The relationship has much wider implications: the Fox-Werrity special relationship is caught up with the pan-Atlantic one. Werrity was director and only employee of the charity Atlantic Bridge, founded by Fox with a remit to develop relationships between the American and British political right.
Atlantic Bridge is connected to the American Legislative Exchange Council, which aims to ‘further the ideals exemplified by Ronald Reagan and Margaret Thatcher’. The council has received nearly three-quarters of a million dollars from group connected to the Tea Party movement, in particular the unfortunately, but not inaccurately, named Koch Foundation. The Koch Foundation is a right-wing lobbying group which not only fights for the interests of tobacco corporations, but attempts to debunk climate change as well as opposing, what it perceives to be, the manifestly Marxist-Leninist healthcare reforms promoted and then dissipated by Obama.
Werrity also attended a lecture given by Fox in Colombo, Sri Lanka during his much publicised and rescheduled trip to the country in which he had worked in the nineties. The trip was marred by a row with Foreign Secretary William Hague and tactically postponed for a short while due to Wikileaks timely revelations about war crimes during the recent conflict with the Tamil Tigers.
Exactly where Fox sits amid all of this is unclear, beyond the sense that the man is a gaping tear in the very fabric of reason; the chaos which follows him reflects that. Cameron is bad enough, but we might be forgiven for feeling slightly relieved that Fox didn’t win the 2005 leadership contest.
Either way, Fox shares much with Cameron. I met David in Afghanistan, that leader of men, when he visited the troops in his mustard coloured cords, with his phalanx of SAS bodyguards, his face shinier than normal in the 56 degrees we common scum spent half a year working, choking, fighting and dying in. I expect he doesn’t remember me.
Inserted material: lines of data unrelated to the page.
(* Under the setting of the context, let $\mathbf e=e_1+\dots+e_d$. There exists a constant $C$, depending only on $E$, $P$ and $p$, such that for all $m\ge1$ and all integers $1\le n\le p\le q$, $$|R_q-R_n|^2+2\sum_{k=p}^{q-1}\langle m\mathbf e-R_n,(h-g)^-(\xi_k,R_k/m)\rangle+2\sum_{k=p}^{q-1}\langle R_n,(h-g)^+(\xi_k,R_k/m)\rangle\le|R_p-R_n|^2+C(q-p+m)+2\sum_{k=p}^{q-1}\langle R_k-R_n,Z_{k+1}\rangle.$$
   Context: Let $d\ge1$, $(e_1,\dots,e_d)$ the canonical basis, $\mathcal V=\{\pm e_1,\dots,\pm e_d\}$. Let $E$ be a finite set and $P$ an irreducible and aperiodic stochastic matrix on $E$ with unique invariant probability $\mu$. For $k\in E$, $y\in\mathbb R^d$, $p(k,y,\cdot)$ is a probability on $\mathcal V$, with $y\mapsto p(k,y,u)$ twice continuously differentiable with bounded derivatives. Let $g(k,y)=\sum_uu\,p(k,y,u)$, assumed to satisfy $\sum_k\mu(k)g(k,y)=0$ for all $y$, and $v(i,y)=\sum_{n\ge0}\sum_jP^n(i,j)g(j,y)$. Reflected kernel: for $k\in E$, $y\in[0,1]^d$, $\ell\le d$: if $0<y_\ell<1$, $q(k,y,\pm e_\ell)=p(k,y,\pm e_\ell)$; if $y_\ell=1$, $q(k,y,e_\ell)=0$, $q(k,y,-e_\ell)=p(k,y,e_\ell)+p(k,y,-e_\ell)$; if $y_\ell=0$, $q(k,y,-e_\ell)=0$, $q(k,y,e_\ell)=p(k,y,e_\ell)+p(k,y,-e_\ell)$; $h(k,y)=\sum_uu\,q(k,y,u)$; $c^{(m)}(i,y)=\sum_uq(i,y,u)[(v-g)(i,y+u/m)-(v-g)(i,y)]$. For $m\ge1$, $(\xi_n,R_n)_{n\ge0}$ is a Markov chain on $E\times\{0,\dots,m\}^d$ with $R_0=0$ and $\mathbb P(\xi_{n+1}=k,R_{n+1}=R_n+u\mid\xi_0,\dots,\xi_n,R_0,\dots,R_n)=P(\xi_n,k)q(\xi_n,R_n/m,u)$. $Z_{n+1}=R_{n+1}+v(\xi_{n+1},R_{n+1}/m)-[R_n+v(\xi_n,R_n/m)+(h-g)(\xi_n,R_n/m)+c^{(m)}(\xi_n,R_n/m)]$. For a vector $w$, $w^+$ and $w^-$ denote the coordinatewise positive and negative parts (so $w=w^+-w^-$, both with nonnegative entries). *)

From HB Require Import structures.
From mathcomp Require Import all_boot all_order all_algebra.
From mathcomp Require Import all_classical all_reals all_analysis.
Set Implicit Arguments. Unset Strict Implicit. Unset Printing Implicit Defensive.
Import Order.TTheory GRing.Theory Num.Theory.
Import numFieldNormedType.Exports.
Local Open Scope ring_scope.

Section Defs.
Variables (R : realType) (d : nat) (E : finType).

Definition ebasis (l : 'I_d) : 'rV[R]_d := delta_mx 0 l.

(* the set V = {+-e_1,...,+-e_d}: a direction (l, true) is +e_l, (l, false) is -e_l *)
Definition dir := ('I_d * bool)%type.
Definition dvec (u : dir) : 'rV[R]_d :=
  if u.2 then ebasis u.1 else - ebasis u.1.

Definition eall : 'rV[R]_d := \sum_(l < d) ebasis l.

Definition dotv (a b : 'rV[R]_d) : R := \sum_(l < d) a 0 l * b 0 l.
Definition sqnorm (a : 'rV[R]_d) : R := dotv a a.

Definition pospart (w : 'rV[R]_d) : 'rV[R]_d := \row_l Num.max (w 0 l) 0.
Definition negpart (w : 'rV[R]_d) : 'rV[R]_d := \row_l Num.max (- w 0 l) 0.

Fixpoint Ppow (P : E -> E -> R) (n : nat) : E -> E -> R :=
  match n with
  | 0 => fun i j => if i == j then 1 else 0
  | n'.+1 => fun i j => \sum_(k : E) Ppow P n' i k * P k j
  end.

Definition stochastic (P : E -> E -> R) :=
  (forall i j, 0 <= P i j) /\ (forall i, \sum_(j : E) P i j = 1).

Definition irreducible (P : E -> E -> R) :=
  forall i j, exists n, 0 < Ppow P n i j.

Definition aperiodic (P : E -> E -> R) :=
  forall i, forall q : nat,
    (forall n, (0 < n)%N -> 0 < Ppow P n i i -> (q %| n)%N) -> q = 1%N.

Definition invariant_prob (P : E -> E -> R) (mu : E -> R) :=
  (forall i, 0 <= mu i) /\ \sum_(i : E) mu i = 1 /\
  (forall j, \sum_(i : E) mu i * P i j = mu j).

Definition C2_bounded (f : 'rV[R]_d -> R) :=
  (forall i x, derivable f x (ebasis i)) /\
  (forall i j x, derivable ('D_(ebasis i) f) x (ebasis j)) /\
  (forall i, continuous ('D_(ebasis i) f)) /\
  (forall i j, continuous ('D_(ebasis j) ('D_(ebasis i) f))) /\
  (exists M : R, forall i j x,
      `|'D_(ebasis i) f x| <= M /\ `|'D_(ebasis j) ('D_(ebasis i) f) x| <= M).

Definition kernel_ok (p : E -> 'rV[R]_d -> dir -> R) :=
  (forall k y u, 0 <= p k y u) /\ (forall k y, \sum_(u : dir) p k y u = 1).

Variable p : E -> 'rV[R]_d -> dir -> R.

Definition gdrift (k : E) (y : 'rV[R]_d) : 'rV[R]_d :=
  \sum_(u : dir) p k y u *: dvec u.

Definition vcorr (P : E -> E -> R) (i : E) (y : 'rV[R]_d) : 'rV[R]_d :=
  limn (fun N => \sum_(0 <= n < N) \sum_(j : E) Ppow P n i j *: gdrift j y).

Definition qrefl (k : E) (y : 'rV[R]_d) (u : dir) : R :=
  let l := u.1 in
  if y 0 l == 1 then
    (if u.2 then 0 else p k y (l, true) + p k y (l, false))
  else if y 0 l == 0 then
    (if u.2 then p k y (l, true) + p k y (l, false) else 0)
  else p k y u.

Definition hdrift (k : E) (y : 'rV[R]_d) : 'rV[R]_d :=
  \sum_(u : dir) qrefl k y u *: dvec u.

Definition cm (P : E -> E -> R) (m : nat) (i : E) (y : 'rV[R]_d) : 'rV[R]_d :=
  \sum_(u : dir) qrefl i y u *:
    ((vcorr P i (y + (m%:R)^-1 *: dvec u) - gdrift i (y + (m%:R)^-1 *: dvec u))
     - (vcorr P i y - gdrift i y)).

(* admissible trajectory of the chain (xi_n, R_n): R_0 = 0 and every
   transition has positive probability P(xi_n,xi_{n+1}) q(xi_n,R_n/m,u) *)
Definition admissible (P : E -> E -> R) (m : nat)
    (xi : nat -> E) (Rw : nat -> 'rV[R]_d) :=
  Rw 0%N = 0 /\
  forall n, exists u : dir,
    Rw n.+1 = Rw n + dvec u /\
    0 < P (xi n) (xi n.+1) * qrefl (xi n) ((m%:R)^-1 *: Rw n) u.

Definition Zinc (P : E -> E -> R) (m : nat)
    (xi : nat -> E) (Rw : nat -> 'rV[R]_d) (n : nat) : 'rV[R]_d :=
  let y := (m%:R)^-1 *: Rw n in
  Rw n.+1 + vcorr P (xi n.+1) ((m%:R)^-1 *: Rw n.+1)
  - (Rw n + vcorr P (xi n) y + (hdrift (xi n) y - gdrift (xi n) y)
     + cm P m (xi n) y).

End Defs.

From HB Require Import structures.
From mathcomp Require Import all_boot all_order all_algebra.
From mathcomp Require Import all_classical all_reals all_analysis.
From mathcomp Require Import zify ring lra.
Set Implicit Arguments. Unset Strict Implicit. Unset Printing Implicit Defensive.
Import Order.TTheory GRing.Theory Num.Theory.
Import numFieldNormedType.Exports.
Local Open Scope ring_scope.

(* Put [F_k = |R_k - R_n|^2 + 2 <R_k - R_n, v(xi_k, R_k / m)>].  Expanding the
   definition of [Z_{k+1}] with [R_{k+1} = R_k + u], the increment
   [F_{k+1} - F_k - 2 <R_k - R_n, Z_{k+1}>] equals
   [|u|^2 + 2 <u, v_{k+1}> + 2 <R_k - R_n, c^(m)_k> + 2 <R_k - R_n, (h - g)_k>].
   The first three terms are bounded uniformly in [m]: [|v| <= K] because some
   power [P^N] is positive, so by Doeblin's contraction [P^n g] decays
   geometrically; and [|c^(m)| <= L / m] because [v - g] is Lipschitz in [y],
   while [|R_k - R_n| <= m] since the walk stays in the box [[0, m]^d].  The
   reflected drift [h - g] only acts on the faces of the box, where
   [<R_k - R_n, h - g> = - <m e - R_n, (h - g)^-> - <R_n, (h - g)^+>].
   Summing over [p <= k < q] and trading [F] for [|R - R_n|^2] at both ends,
   at a cost [O(m)], gives the inequality. *)

Section MatrixPowers.
Variables (R : realType) (E : finType) (P : E -> E -> R).

Lemma PpowD a b i j :
  Ppow P (a + b) i j = \sum_k Ppow P a i k * Ppow P b k j.
Proof.
elim: b i j => [|b IH] i j.
  rewrite addn0 /= (bigD1 j) //= eqxx mulr1 big1 ?addr0 // => k /negPf.
  by rewrite eq_sym => ->; rewrite mulr0.
rewrite addnS /=.
under eq_bigr => k _ do rewrite IH mulr_suml.
rewrite exchange_big /=; apply: eq_bigr => k _.
by rewrite mulr_sumr; apply: eq_bigr => l _; rewrite mulrA.
Qed.

Lemma Ppow1 i j : Ppow P 1 i j = P i j.
Proof.
rewrite /= (bigD1 i) //= eqxx mul1r big1 ?addr0 // => k /negPf.
by rewrite eq_sym => ->; rewrite mul0r.
Qed.

Lemma invariant_Ppow mu : invariant_prob P mu ->
  forall n j, \sum_i mu i * Ppow P n i j = mu j.
Proof.
case=> _ [_ mu_inv] n; elim: n => [|n IH] j /=.
  rewrite (bigD1 j) //= eqxx mulr1 big1 ?addr0 // => k /negPf ->.
  by rewrite mulr0.
under eq_bigr => i _ do rewrite mulr_sumr.
rewrite exchange_big /= -[RHS]mu_inv; apply: eq_bigr => k _.
by rewrite -IH mulr_suml; apply: eq_bigr => i _; rewrite mulrA.
Qed.

Hypothesis P_stoch : stochastic P.

Lemma Ppow_ge0 n i j : 0 <= Ppow P n i j.
Proof.
elim: n i j => [|n IH] i j /=; first by case: eqP.
by apply: sumr_ge0 => k _; apply: mulr_ge0 => //; case: P_stoch.
Qed.

Lemma sum_Ppow n i : \sum_j Ppow P n i j = 1.
Proof.
elim: n i => [|n IH] i /=.
  by rewrite (bigD1 i) //= eqxx big1 ?addr0 // => j /negPf; rewrite eq_sym => ->.
rewrite exchange_big /= -[RHS](IH i); apply: eq_bigr => k _.
by rewrite -mulr_sumr; case: P_stoch => _ ->; rewrite mulr1.
Qed.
Cameron gave us the same look that Fox smirks into every camera; the kind of look which for time immemorial has done for ruling classes and started revolutions; I suggest we follow suit, if we need any more motivation than Fox, either the man, his corruption or his deeds, we are unworthy of the title ‘revolutionaries’. I insert one caveat, though it’s open to debate, if it all comes off, Fox’s first hearing is with me.